While relatively little is known about Crosby and his marches are rarely heard, he was, at one time, recognized as one of the major contributors to American marches. His music was featured on a multi-volume collection of March music played by the United States Navy Band. This collection, called Heritage of the March, highlighted the great composers throughout the history of marches as a musical form. Volume 13 is dedicated to him and contains eight of his more popular marches, to include the Battleship California March, a piece commissioned by the United States Navy in 1914, The United States Navy, and Citizen’s Pride.

It was reported by one biographer of Crosby that in 1919, four months before he died, Crosby was a guest conductor for the John Phillips Sousa Band at Symphony Hall in Boston, conducting four of his own Marches; Sousa was so impressed by the marches and by Crosby that he announced he was going to add these Marches to his nation-wide tour that season. However, this information could not be corroborated, but given Crosby’s popularity at the time, such an honor by Sousa is very probable, adding credence to Crosby’s oft overlooked importance to American Marches.

On January 18, 1920, in New York City, where he further sought fame and fortune, Harold Josiah Crosby died at age 33, “a sad end to a promising career.” One of the best known composers in the East, as he is described in his obituary, Crosby is buried in the family plot in the Elmwood Cemetery in Dexter, his name written across a musical staff on his gravestone.

Though he died young, his name, his legacy, and his music continue today. To honor him, one of their own, the Dexter (ME) Community Band recently changed its name to the Harold J. Crosby Community Band of Dexter, Maine. The band falls under the auspices of the Carl R. Cutherbert Community Band Foundation, a 501(c) nonprofit dedicated to music education and preserving musical archives. This foundation currently owns the rights to H. J. Crosby’s marches, making them available to the H. J. Crosby Band and other bands throughout the state. Though his marches may not be as well-known as Sousa’s, Hall’s, or Fillmore’s, they have become a mainstay of the Harold J. Crosby Community Band of Dexter; at every concert, the band performs at least one, and often more, of his Regimental Marches. . The band’s repertoire includes such Crosby greats as Leading the Parade, Citizen’s Pride, Queen of the Fleet, Liberty Forever, and his little known Waltz, In a Rose Garden, among others. In the fall of 2016, the band will be hosting a Band Camp devoted almost exclusively to Crosby’s music, to share our love of those great marches with a much larger audience.
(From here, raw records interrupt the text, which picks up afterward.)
Definition level_raw (I : Category) (HI : cofiltered I) (HA : at_most_card A I)
    (X Y : Functor I C) (phi : forall i : I, Hom (X i) (Y i))
  : raw_mor (level_obj HI HA X) (level_obj HI HA Y) :=
  fun i => existT _ i (phi i).

Definition natural (I : Category) (X Y : Functor I C)
    (phi : forall i : I, Hom (X i) (Y i)) : Prop :=
  forall (i j : I) (u : Hom i j), comp (fmap Y u) (phi i) = comp (phi j) (fmap X u).

(* f : V -> U is a pro-covering morphism: it has a level representation
   (V_i -> U_i)_{i in I} by covering morphisms, i.e. f is isomorphic, in the
   arrow category of Pro_alpha C, to the morphism induced by a natural
   transformation between I-diagrams whose components are covering morphisms *)
Definition pro_covering (J : topology_data C) (V U : ProObj C A) (f : ProHom V U)
  : Prop :=
  exists (I : Category) (HI : cofiltered I) (HA : at_most_card A I)
         (X Y : Functor I C) (phi : forall i : I, Hom (X i) (Y i)),
    natural phi /\
    (forall i, covering_morphism J (phi i)) /\
    exists (iV : ProHom V (level_obj HI HA X)) (iU : ProHom U (level_obj HI HA Y)),
      pro_iso iV /\ pro_iso iU /\
      raw_eq (rcomp (ph iU) (ph f)) (rcomp (@level_raw I HI HA X Y phi) (ph iV)).

End Pro.

Arguments ph {C A F G} p j.

(* A pro-covering morphism is, up to isomorphism of arrows, a level map
   Phi = (phi_i : X_i -> Y_i) of covering morphisms, so it suffices to show
   that Phi is an epimorphism admitting descent along its levelwise kernel
   pair X x_Y X, and that both properties pass along isomorphisms of arrows
   (descent along the pro-pullback V x_U V, since the levelwise kernel pair maps
   into it).  As the topology is subcanonical, every covering morphism of C is
   an effective epimorphism, and cofilteredness lets us check both properties
   of Phi one representative at a time: a relation between representatives in
   colim_i Mor(Y_i, Z) is witnessed at a single level, and a map out of X
   equalized by the kernel pair is, after refining the index, equalized by the
   kernel pair of a single phi_k. *)

From Stdlib Require Import Setoid Morphisms IndefiniteDescription.

Set Implicit Arguments.
Unset Strict Implicit.

Section ProCategory.
Variables (C : Category) (A : Type).
Notation PO := (ProObj C A).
We can only speculate about the influence Crosby could have had on American marches and American music. But for those of us in the Dexter region, and particularly those of us who play his music as part of the H.J. Crosby Community Band, he will always be one of the great March Kings of the era, deserving of a place among the more recognizable names of John Phillip Sousa, R. B. Hall, and Henry Fillmore; most of all, he will always be one of us, Dexter’s native son, Harold Josiah Crosby.